[Saved entries]
(* Let $V = V_1 \oplus V_2$ be a finite-dimensional complex vector space, $T = \mathrm{Sym}(V^* )$, $T_i = \mathrm{Sym}(V_i^* ) \subset T$. Let $d \ge 2$, $F_i \in S^d V_i$ for $i=1,2$, and $F = F_1 + F_2 \in S^d V$. Let $l_i \in V_i^*$ with $l_i \notin F_i^\perp$ (the perp ideal of $F_i$ in $T_i$) for $i = 1,2$. Then <ol> <li>$F^\perp + (l_1 + l_2) \subsetneq \big[F_1^\perp + (l_1) + (V_2^* )\big] \cap \big[F_2^\perp + (l_2) + (V_1^* )\big]$ as ideals of $T$;</li> <li>$\dim_{\mathbb{C}} T/(F^\perp + (l_1+l_2)) \ge \dim_{\mathbb{C}} T_1/(F_1^\perp + (l_1)) + \dim_{\mathbb{C}} T_2/(F_2^\perp + (l_2))$.</li> </ol>
   Context: For a complex vector space $W$, $\mathrm{Sym}(W^* )$ acts on $\mathrm{Sym}(W)$ by differentiation. For $G \in S^d W$, the perp ideal is $G^\perp = \{ g \in \mathrm{Sym}(W^* ) : g \cdot G = 0 \}$. $F^\perp$ denotes the perp ideal of $F$ in $T$; $(V_j^* )$ denotes the ideal of $T$ generated by $V_j^*$, and ideals of $T_i$ are regarded in $T$ via $T_i \subset T$ (generating ideals there). *)

From HB Require Import structures.
From mathcomp Require Import all_boot all_order all_algebra.
From mathcomp Require Import reals.
From mathcomp Require Import complex.
From mathcomp Require Import mpoly.

Set Implicit Arguments.
Unset Strict Implicit.
Unset Printing Implicit Defensive.

Import Order.TTheory GRing.Theory Num.Theory.
Local Open Scope ring_scope.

* Assignment: Set down each entry again, exactly as written.

* Exercise answer:
(* Let $V = V_1 \oplus V_2$ be a finite-dimensional complex vector space, $T = \mathrm{Sym}(V^* )$, $T_i = \mathrm{Sym}(V_i^* ) \subset T$. Let $d \ge 2$, $F_i \in S^d V_i$ for $i=1,2$, and $F = F_1 + F_2 \in S^d V$. Let $l_i \in V_i^*$ with $l_i \notin F_i^\perp$ (the perp ideal of $F_i$ in $T_i$) for $i = 1,2$. Then <ol> <li>$F^\perp + (l_1 + l_2) \subsetneq \big[F_1^\perp + (l_1) + (V_2^* )\big] \cap \big[F_2^\perp + (l_2) + (V_1^* )\big]$ as ideals of $T$;</li> <li>$\dim_{\mathbb{C}} T/(F^\perp + (l_1+l_2)) \ge \dim_{\mathbb{C}} T_1/(F_1^\perp + (l_1)) + \dim_{\mathbb{C}} T_2/(F_2^\perp + (l_2))$.</li> </ol>
   Context: For a complex vector space $W$, $\mathrm{Sym}(W^* )$ acts on $\mathrm{Sym}(W)$ by differentiation. For $G \in S^d W$, the perp ideal is $G^\perp = \{ g \in \mathrm{Sym}(W^* ) : g \cdot G = 0 \}$. $F^\perp$ denotes the perp ideal of $F$ in $T$; $(V_j^* )$ denotes the ideal of $T$ generated by $V_j^*$, and ideals of $T_i$ are regarded in $T$ via $T_i \subset T$ (generating ideals there). *)

From HB Require Import structures.
From mathcomp Require Import all_boot all_order all_algebra.
From mathcomp Require Import reals.
From mathcomp Require Import complex.
From mathcomp Require Import mpoly.

Set Implicit Arguments.
Unset Strict Implicit.
Unset Printing Implicit Defensive.

Import Order.TTheory GRing.Theory Num.Theory.
Local Open Scope ring_scope.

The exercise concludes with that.